But most of that's example boilerplate for skeleton purposs. All it _really_
needs is:

/* hello.c - A hello world program.

USE_HELLO(NEWTOY(hello, NULL, TOYFLAG_USR|TOYFLAG_BIN))

config HELLO
bool "hello"
default n
help
A hello world program. You don't need this.
*/

#include "toys.h"

void hello_main(void)
{
printf("Hello world\n");
}

Each toybox command starts with a specially formatted comment that contains
the command line options, usage info, and kconfig blob for menuconfig. The
command's help text (spit out by the "help" command, as well as by the command
itself if run with unintelligible options) is also extracted from the kconfig
help text, so I don't have to describe the same thing twice.

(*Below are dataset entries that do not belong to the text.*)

Lemma sum_blocks_enters (P : {set {set V}}) h t : trivIset P ->
  \sum_(B in P) ((h \in B) && (t \notin B)) =
  ((h \in cover P) && (t \notin cover P)) +
  [&& h \in cover P, t \in cover P & pblock P h != pblock P t].
Proof.
move=> TP; case: (boolP (h \in cover P)) => hP /=; last first.
  by rewrite big1 // => B PB; rewrite (mem_block h TP PB) (negbTE hP).
rewrite (bigD1 (pblock P h)) ?pblock_mem //= big1 => [|B /andP [PB neB]].
  rewrite mem_pblock hP (mem_block t TP (pblock_mem hP)) addn0.
  by case: (t \in cover P) => //=; rewrite eq_sym; case: eqP.
by rewrite (mem_block h TP PB) hP eq_sym (negbTE neB).
Qed.

Lemma indeg_set_cover D (P : {set {set V}}) : trivIset P ->
  indeg_set D (cover P) + crossing_edges P = \sum_(B in P) indeg_set D B.
Proof.
move=> TP; rewrite /indeg_set exchange_big -big_split; apply: eq_bigr => e _ /=.
rewrite sum_blocks_enters // /enters /arc_head /arc_tail; case: (D e) => //.
by case: (end1 e \in cover P); case: (end2 e \in cover P) => //=; rewrite eq_sym.
Qed.

Lemma indeg_set_cover_le D D' (P : {set {set V}}) : trivIset P ->
  (forall B, B \in P -> indeg_set D B <= indeg_set D' B) ->
  indeg_set D (cover P) <= indeg_set D' (cover P).
Proof.
move=> TP le_blocks; have := indeg_set_cover D TP; have := indeg_set_cover D' TP.
have : \sum_(B in P) indeg_set D B <= \sum_(B in P) indeg_set D' B by apply: leq_sum.
lia.
Qed.

Lemma indeg_set_bigcap_le D D' (F : {set {set V}}) :
  strongly_connected D -> strongly_connected D' ->
  (forall Z, Z \in F -> in_tight D Z) ->
  indeg_set D (\bigcap_(Z in F) Z) <= indeg_set D' (\bigcap_(Z in F) Z).
Proof.
move=> HD HD' tightF; set Q := \bigcap_(Z in F) Z.
have [->|[q qQ]] := set_0Vmem Q.
  by rewrite /indeg_set big1 // => e _; rewrite /enters inE.
(* ~: Q is a union of sets in-tight for the converse orientation, all avoiding q. *)
rewrite -(indeg_set_converse D) -(indeg_set_converse D').
have qQ' : q \notin ~: Q by rewrite inE negbK.
have [|P [TP <- tightP]] := in_tight_partition (strongly_connected_converse HD) qQ'.
  move=> u; rewrite inE => uQ.
  have /exists_inP [Z0 FZ0 uZ0] : [exists Z0 in F, u \notin Z0].
    by apply: contraNT uQ => /exists_inPn allZ; apply/bigcapP => Z /allZ; rewrite negbK.
  exists (~: Z0); split; rewrite ?inE //; last by rewrite setCS; apply: bigcap_inf.
  by rewrite /in_tight indeg_set_converse; apply: tightF.
apply: indeg_set_cover_le TP _ => B PB.
exact: in_tight_le (strongly_connected_converse HD') (tightP B PB).
Qed.

Definition tight_decomposable D X := exists P : {set {set V}},
  [/\ trivIset P, cover P = X & forall B, B \in P -> exists2 F : {set {set V}},
     forall Z, Z \in F -> in_tight D Z & B = \bigcap_(Z in F) Z].

Lemma indeg_set_decomposable_le D D' X :
  strongly_connected D -> strongly_connected D' -> tight_decomposable D X ->
  indeg_set D X <= indeg_set D' X.
Proof.
move=> HD HD' [P [TP <- capP]]; apply: indeg_set_cover_le TP _ => B /capP [F tightF ->].
exact: indeg_set_bigcap_le.
Qed.

Lemma tight_decomposableT D : tight_decomposable D setT.
Proof.
exists [set setT]; split; [exact: trivIset1 | exact: cover1 |].
by move=> B /set1P ->; exists set0 => [Z|]; rewrite ?inE ?big_set0.
Qed.

Lemma tight_decomposableI D X Y : tight_decomposable D X -> tight_decomposable D Y ->
  tight_decomposable D (X :&: Y).
Proof.
move=> [P1 [T1 <- cap1]] [P2 [T2 <- cap2]].
exists [set A :&: B | A in P1, B in P2]; split.
- apply/trivIsetP => _ _ /imset2P [A1 B1 PA1 PB1 ->] /imset2P [A2 B2 PA2 PB2 ->] ne.
  have [eA|neA] := eqVneq A1 A2; last first.
    by apply: disjointW (subsetIl _ _) (subsetIl _ _) ((trivIsetP T1) _ _ PA1 PA2 neA).
  have [eB|neB] := eqVneq B1 B2; first by move: ne; rewrite eA eB eqxx.
  by apply: disjointW (subsetIr _ _) (subsetIr _ _) ((trivIsetP T2) _ _ PB1 PB2 neB).
- apply/setP => x; rewrite inE; apply/bigcupP/andP => [[_ /imset2P [A B PA PB ->]]|[x1 x2]].
    by rewrite inE => /andP [xA xB]; split; apply/bigcupP; [exists A | exists B].
  exists (pblock P1 x :&: pblock P2 x); last by rewrite inE !mem_pblock x1 x2.
  by apply/imset2P; exists (pblock P1 x) (pblock P2 x); rewrite ?pblock_mem.
- move=> _ /imset2P [A B PA PB ->].
  have [F1 tight1 ->] := cap1 A PA; have [F2 tight2 ->] := cap2 B PB.
  by exists (F1 :|: F2) => [Z /setUP [/tight1|/tight2]|]; rewrite ?bigcap_setU.
Qed.

Lemma tight_decomposable_avoiding D w : strongly_connected D ->
  tight_decomposable D (\bigcup_(Z | in_tight D Z && (w \notin Z)) Z).
Proof.
move=> HD; set U := \bigcup_(Z | _) Z.
have wU : w \notin U by apply/bigcupP => [[Z /andP [_ /negP wZ]]].
have [|P [TP CP tightP]] := in_tight_partition HD wU.
  move=> u /bigcupP [Z ZU uZ]; exists Z; split=> //; first by case/andP: ZU.
  exact: (bigcup_sup Z ZU).
exists P; split=> // B PB; exists [set B] => [Z /set1P ->|]; last by rewrite big_set1.
exact: tightP.
Qed.

Lemma indeg_set_le_of_tight_separation D D' (X : {set V}) :
  strongly_connected D -> strongly_connected D' ->
  (forall w x, w \notin X -> x \in X -> exists Z, [/\ in_tight D Z, x \in Z & w \notin Z]) ->
  indeg_set D X <= indeg_set D' X.
Proof.
move=> HD HD' sepX; apply: indeg_set_decomposable_le => //.
have -> : X = \bigcap_(w in ~: X) \bigcup_(Z | in_tight D Z && (w \notin Z)) Z.
  apply/setP => x; apply/idP/bigcapP => [xX w|xU].
    by rewrite inE => /sepX /(_ xX) [Z [tZ xZ wZ]]; apply/bigcupP; exists Z; rewrite ?tZ.
  apply: contraT => xX; have xcX : x \in ~: X by rewrite inE.
  by have /bigcupP [Z /andP [_ /negP]] := xU x xcX.
apply: (big_ind (tight_decomposable D)); first exact: tight_decomposableT.
  exact: tight_decomposableI.
by move=> w _; apply: tight_decomposable_avoiding.
Qed.

(** * Decreasingly minimal orientations *)

Lemma sorted_indeg_sorted D : sorted geq (sorted_indeg end1 end2 D).
Proof. by apply: sort_sorted => a b; apply: leq_total. Qed.

Lemma size_sorted_indeg D : size (sorted_indeg end1 end2 D) = #|V|.
Proof. by rewrite size_sort size_map -cardE. Qed.

Lemma not_decmin_of_disjoint_dpaths D s t : strongly_connected D ->
  indeg D s + 2 <= indeg D t -> two_disjoint_dpaths D s t -> ~ decmin_strong end1 end2 D.
Proof.
move=> HD gap [p1 [p2 [H1 H2 disj]]] [_ Hmin].
have HD1 := strongly_connected_reverse_path HD H1 H2 disj.
have N1 : 1 < #|V|.+2 by [].
have := sum_exp_transfer_lt N1 gap (fun v => indeg_reverse_path v H1).
have := lex_le_sum_exp (N := #|V|.+2) (sorted_indeg_sorted D)
  (sorted_indeg_sorted (reverse_on D p1)) _ _ (Hmin _ HD1).
rewrite !size_sorted_indeg /sorted_indeg !sum_sort_map => /(_ erefl (leqnSn _)).
by rewrite leqNgt => /negP.
Qed.

Lemma excess_le_of_no_disjoint_dpaths D D' j :
  strongly_connected D -> strongly_connected D' ->
  (forall s t, indeg D s + 2 <= indeg D t -> ~ two_disjoint_dpaths D s t) ->
  \sum_v (indeg D v - j) <= \sum_v (indeg D' v - j).
Proof.
move=> HD HD' no_paths.
pose separates h v := [exists Z, [&& in_tight D Z, h \in Z & v \notin Z]].
pose X := [set v | [exists h, (j < indeg D h) && ~~ separates h v]].
apply: (sum_excess_le (X := X)) => [v|v|].
- rewrite inE => /existsP [h /andP [jh nsep]].
  have [-> | vh] := eqVneq v h; first exact: ltnW.
  rewrite leqNgt; apply/negP => vj; apply: (no_paths v h); first lia.
  apply: two_disjoint_dpaths_of_cuts HD vh _ => Z vZ hZ; apply: contra nsep => tZ.
  by apply/existsP; exists Z; rewrite /in_tight tZ hZ vZ.
- rewrite !inE leqNgt; apply: contra => jv; apply/existsP; exists v; rewrite jv.
  by apply/existsPn => Z; case: (v \in Z); rewrite !andbF.
rewrite !sum_indeg leq_add2l; apply: indeg_set_le_of_tight_separation => // w x.
rewrite !inE => wX /existsP [h /andP [jh nsep]].
have /existsP [Z /and3P [tZ hZ wZ]] : separates h w.
  by apply: contraNT wX => nsep'; apply/existsP; exists h; rewrite jh.
exists Z; split=> //; apply: contraNT nsep => xZ.
by apply/existsP; exists Z; rewrite tZ hZ xZ.
Qed.

Lemma decmin_of_no_disjoint_dpaths D : strongly_connected D ->
  (forall s t, indeg D s + 2 <= indeg D t -> ~ two_disjoint_dpaths D s t) ->
  decmin_strong end1 end2 D.
Proof.
move=> HD no_paths; split=> // D' HD'; apply/negPn/negP => /excess_lt_of_not_lex_le.
case/(_ (sorted_indeg_sorted D) (sorted_indeg_sorted D')) => [|j].
  by rewrite !size_sorted_indeg.
rewrite /sorted_indeg !sum_sort_map ltnNge => /negP; apply.
exact: excess_le_of_no_disjoint_dpaths.
Qed.
End Orientations.

Theorem theorem6p1 (V E : finType) (end1 end2 : E -> V) :
  (exists D0 : E -> bool, strongly_connected end1 end2 D0) ->
  forall D : E -> bool, strongly_connected end1 end2 D ->
  (decmin_strong end1 end2 D <->
   ~ (exists s t : V,
        indeg end1 end2 D s + 2 <= indeg end1 end2 D t /\
        exists p1 p2 : seq E,
          [/\ dpath end1 end2 D s t p1, dpath end1 end2 D s t p2
            & ~~ has (fun e => e \in p2) p1])).
Proof.
move=> _ D HD; split=> [decmin [s [t [gap paths]]] | no_paths].
  exact: not_decmin_of_disjoint_dpaths HD gap paths decmin.
apply: decmin_of_no_disjoint_dpaths => // s t gap paths.
by apply: no_paths; exists s, t.
Qed.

The first few comment lines (the ones starting with an asterisk) are normal
comment lines that don't get parsed by anything. The convention is to put a
description, copyright notice, and link to the relevant standard (if any)
there, but it's really just a comment.

The USE_XXX(NEWTOY(XXX)) line defines the command name, command line options,
and install location of each command. At compile time a sed invocation
collects this line from from every toys/*.c file into "generated/newtoys.h",
which is then #included to set up the command array toy_exec() searches (see
main.c at the top level).

The USE_XXX() macro chops its contents out if the relevant config option isn't
enabled (just like I added to busybox back in 2006). There's a SKIP_XXX() too
but it's not used much. So this line is always copied into
generated/newtoys.h, but only _used_ if the relevant config entry is enabled.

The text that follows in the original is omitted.